In [48]:
%matplotlib inline
import numpy as np
import matplotlib.pyplot as plt
import pandas as pd
import seaborn as sns
from sklearn.model_selection import ShuffleSplit, GridSearchCV,train_test_split
from sklearn.model_selection import cross_validate

from sksurv.datasets import load_veterans_lung_cancer
from sksurv.column import encode_categorical
from sksurv.metrics import concordance_index_censored
from sksurv.svm import FastSurvivalSVM,FastKernelSurvivalSVM
from sksurv.kernels import clinical_kernel
import warnings
warnings.simplefilter(action='ignore', category=FutureWarning)
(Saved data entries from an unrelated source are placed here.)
(* In the situation described in the context: (1) for each $r\in[1,\sigma]$, $V=X_r\oplus X_r^\perp$. (2) Assume moreover that $g$ is unipotent and put $N=g-1$, $p_{\sigma+1}=\kappa/2$, and $\Lambda_k=\sum_{r\in[1,\sigma+1]}\max(2p_r-k,0)$ for $k\ge 0$. Then $\dim N^kV\ge\Lambda_k$ for every $k\ge0$, with equality for $k=0$. (3) If $\dim N^kV=\Lambda_k$ for all $k\ge0$, then each $X_r$ ($r\in[1,\sigma+1]$) is $g$-stable and $(X_r,X_{r'})=0$ for all $r\ne r'$ in $[1,\sigma+1]$.
   Context: Let $\mathbf k$ be algebraically closed of characteristic $p$. Let $V$ be a $\mathbf k$-vector space of dimension $\mathfrak n\ge3$, $\kappa\in\{0,1\}$ with $\kappa\equiv\mathfrak n\pmod2$, $n=(\mathfrak n-\kappa)/2$, with a bilinear form $(\,,)$ and quadratic form $Q$ such that either (i) $Q=0$, $(x,x)=0$ for all $x$, $V^\perp=0$; or (ii) $Q\neq0$, $(x,y)=Q(x+y)-Q(x)-Q(y)$, $Q|_{V^\perp}$ injective. $Is(V)$ is the group of $g\in GL(V)$ preserving $(\,,)$ and $Q$. $\mathcal F$ is the set of flags $V_*=(0=V_0\subset\dots\subset V_{\mathfrak n}=V)$, $\dim V_i=i$, with $Q|_{V_i}=0$ and $V_i^\perp=V_{\mathfrak n-i}$ for $i\in[0,n]$. For $V_*,V'_*\in\mathcal F$, $a_{V_*,V'_*}$ is the permutation $i\mapsto a_i$ of $[1,\mathfrak n]$ where $X_i=\{j: V'_i\cap V_j\ne V'_i\cap V_{j-1}\}$ and $X_i=X_{i-1}\sqcup\{a_i\}$. For $p_*=(p_1\ge\dots\ge p_\sigma)$, integers $\ge1$ with sum $n$, $p_{<r}=\sum_{r'<r}p_{r'}$, $p_{\le r}=\sum_{r'\le r}p_{r'}$, and $w_{p_*}$ is the permutation with cycles $p_{<r}+1\mapsto\dots\mapsto p_{\le r}\mapsto\mathfrak n-p_{<r}\mapsto\dots\mapsto\mathfrak n-p_{\le r}+1\mapsto p_{<r}+1$ ($r\in[1,\sigma]$), fixing $n+1$ if $\kappa=1$. Situation: $V_*,V'_*\in\mathcal F$ with $a_{V_*,V'_*}=w_{p_*}$, $g\in Is(V)$ with $gV_*=V'_*$, and $v_1,\dots,v_\sigma\in V$ (and $v_{\sigma+1}$ if $\kappa=1$) such that, writing $Z_k$ for the span of $v_k,gv_k,\dots,g^{p_k-1}v_k$: $V_{p_{<r}+i}=Z_1+\dots+Z_{r-1}+\mathrm{span}(v_r,\dots,g^{i-1}v_r)$ for $i\in[0,p_r]$; $(g^iv_t,v_r)=0$ for $t<r\le\sigma$, $i\in[-p_t,p_t-1]$; $(v_r,g^iv_r)=0$ for $|i|\le p_r-1$, $Q(v_r)=0$, $(v_r,g^{p_r}v_r)=1$; and, if $\kappa=1$, $(g^iv_t,v_{\sigma+1})=0$ for $t\in[1,\sigma]$, $i\in[-p_t,p_t-1]$ and $Q(v_{\sigma+1})=1$. (Such vectors exist and the vectors $g^jv_t$, $t\in[1,\sigma]$, $j\in[-p_t,p_t-1]$, together with $v_{\sigma+1}$ if $\kappa=1$, form a basis of $V$.) For $r\in[1,\sigma]$, $X_r$ is the span of $g^{-p_r+i}v_r$, $i\in[0,2p_r-1]$; $X_{\sigma+1}=0$ if $\kappa=0$ and $X_{\sigma+1}=\mathbf k v_{\sigma+1}$ if $\kappa=1$. *)

(* V = 'rV[K]_nn (row vectors); a linear map g acts by x |-> x *m g;
   subspaces are represented by (square) matrices via their row space (mxalgebra). *)
From HB Require Import structures.
From mathcomp Require Import all_boot all_order all_algebra.
Set Implicit Arguments. Unset Strict Implicit. Unset Printing Implicit Defensive.
Import GRing.Theory.
Local Open Scope ring_scope.

Definition bform (K : fieldType) (nn : nat) (B : 'M[K]_nn) (x y : 'rV[K]_nn) : K :=
  (x *m B *m y^T) 0 0.

Definition perpmx (K : fieldType) (nn : nat) (B U : 'M[K]_nn) : 'M[K]_nn :=
  kermx ((U *m B)^T).

Definition spanmx (K : fieldType) (nn : nat) (s : seq 'rV[K]_nn) : 'M[K]_nn :=
  (\sum_(x <- s) <<x>>)%MS.

Definition gpow (K : fieldType) (nn : nat) (g : 'M[K]_nn) (i : int) : 'M[K]_nn :=
  match i with Posz m => g ^+ m | Negz m => invmx g ^+ m.+1 end.

(* p_k (1-indexed) and p_{<r} *)
Definition pk (p : seq nat) (k : nat) : nat := nth 0%N p k.-1.
Definition plt (p : seq nat) (r : nat) : nat := sumn (take r.-1 p).

(* p_* : p_1 >= ... >= p_sigma >= 1 with sum n = (nn - kappa)/2 = nn./2 *)
Definition partition_of (p : seq nat) (nn : nat) : Prop :=
  sorted geq p /\ all (fun x => 0 < x)%N p /\ sumn p = nn./2.

Definition Zsp (K : fieldType) (nn : nat) (g : 'M[K]_nn) (v : nat -> 'rV[K]_nn)
  (p : seq nat) (k : nat) : 'M[K]_nn :=
  spanmx [seq v k *m g ^+ j | j <- iota 0 (pk p k)].

(* X_r (r in [1,sigma]) = span of g^{-p_r+i} v_r, i in [0,2p_r-1];
   X_{sigma+1} = 0 if kappa = 0, k v_{sigma+1} if kappa = 1 (kappa = odd nn) *)
Definition Xsp (K : fieldType) (nn : nat) (g : 'M[K]_nn) (v : nat -> 'rV[K]_nn)
  (p : seq nat) (r : nat) : 'M[K]_nn :=
  if (r <= size p)%N then
    spanmx [seq v r *m gpow g (j%:Z - (pk p r)%:Z) | j <- iota 0 (2 * pk p r)]
  else if odd nn then <<v r>>%MS else 0.

Fixpoint wp_aux (p : seq nat) (off nn i : nat) : nat :=
  match p with
  | [::] => i
  | pr :: p' =>
    if (off < i <= off + pr)%N then (if i == (off + pr)%N then (nn - off)%N else i.+1)
    else if (nn - off - pr < i <= nn - off)%N then
      (if i == (nn - off - pr).+1 then off.+1 else i.-1)
    else wp_aux p' (off + pr) nn i
  end.
Definition wp (p : seq nat) (nn : nat) (i : nat) : nat := wp_aux p 0 nn i.

(* j is in X_i  <->  V'_i \cap V_j <> V'_i \cap V_{j-1} *)
Definition jump (K : fieldType) (nn : nat) (Vf Vf' : nat -> 'M[K]_nn) (i j : nat) : bool :=
  ~~ ((Vf' i :&: Vf j) == (Vf' i :&: Vf j.-1))%MS.

(* a_{V_*,V'_*} = w : for i in [1,nn], X_i = X_{i-1} \sqcup {w i} (X_i subset of [1,nn]) *)
Definition relpos_is (K : fieldType) (nn : nat) (Vf Vf' : nat -> 'M[K]_nn)
  (w : nat -> nat) : Prop :=
  forall i, (1 <= i <= nn)%N ->
    [/\ (1 <= w i <= nn)%N, ~~ jump Vf Vf' i.-1 (w i) &
        forall j, (1 <= j <= nn)%N -> jump Vf Vf' i j = jump Vf Vf' i.-1 j || (j == w i)].

Definition form_data (K : fieldType) (nn : nat) (B : 'M[K]_nn) (Q : 'rV[K]_nn -> K) : Prop :=
  (forall (a : K) x, Q (a *: x) = a ^+ 2 * Q x) /\
  ( [/\ (forall x, Q x = 0), (forall x, bform B x x = 0) & (perpmx B 1%:M == (0 : 'M[K]_nn))%MS ]
  \/ [/\ (exists x, Q x != 0),
         (forall x y, bform B x y = Q (x + y) - Q x - Q y) &
         (forall y z, (y <= perpmx B 1%:M)%MS -> (z <= perpmx B 1%:M)%MS ->
                      Q y = Q z -> y = z) ]).

Definition in_flagF (K : fieldType) (nn : nat) (B : 'M[K]_nn) (Q : 'rV[K]_nn -> K)
  (Vf : nat -> 'M[K]_nn) : Prop :=
  [/\ (forall i, (i <= nn)%N -> \rank (Vf i) = i),
      (forall i, (i < nn)%N -> (Vf i <= Vf i.+1)%MS),
      (Vf 0%N == (0 : 'M[K]_nn))%MS, (Vf nn == 1%:M)%MS &
      (forall i, (i <= nn./2)%N ->
         (forall x, (x <= Vf i)%MS -> Q x = 0) /\ (perpmx B (Vf i) == Vf (nn - i)%N)%MS)].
##### In this notebook, we create the different features that we want to put in our evaluation model with a dictionary. After that,
##### we use a gridsearch on SVM survival to find a good set of parameters and we train our model 25 times with the best parameters found
##### using the training and validation set. Finally, we evaluate 25 times our model on a separate testing set.

In [49]:
def score_survival_model(model, X, y):
    prediction = model.predict(X)
    result = concordance_index_censored(y['Status'], y['Survival_in_days'], prediction)
    return result[0]

In [None]:
df_final = pd.read_table("full_data_validation.tsv",sep=" ")

eln = [112,113,114]
comp =list(range(88,112)) 
#comp_overlap = list(range(167,197))
age = [83]

all_gen = list(range(0,57))
tmp = df_final.iloc[:,all_gen][df_final.iloc[:,all_gen] >0].count()
gen = [df_final.columns.get_loc(c) for c in tmp[tmp>df_final.shape[0]*0.02].keys() if c in df_final]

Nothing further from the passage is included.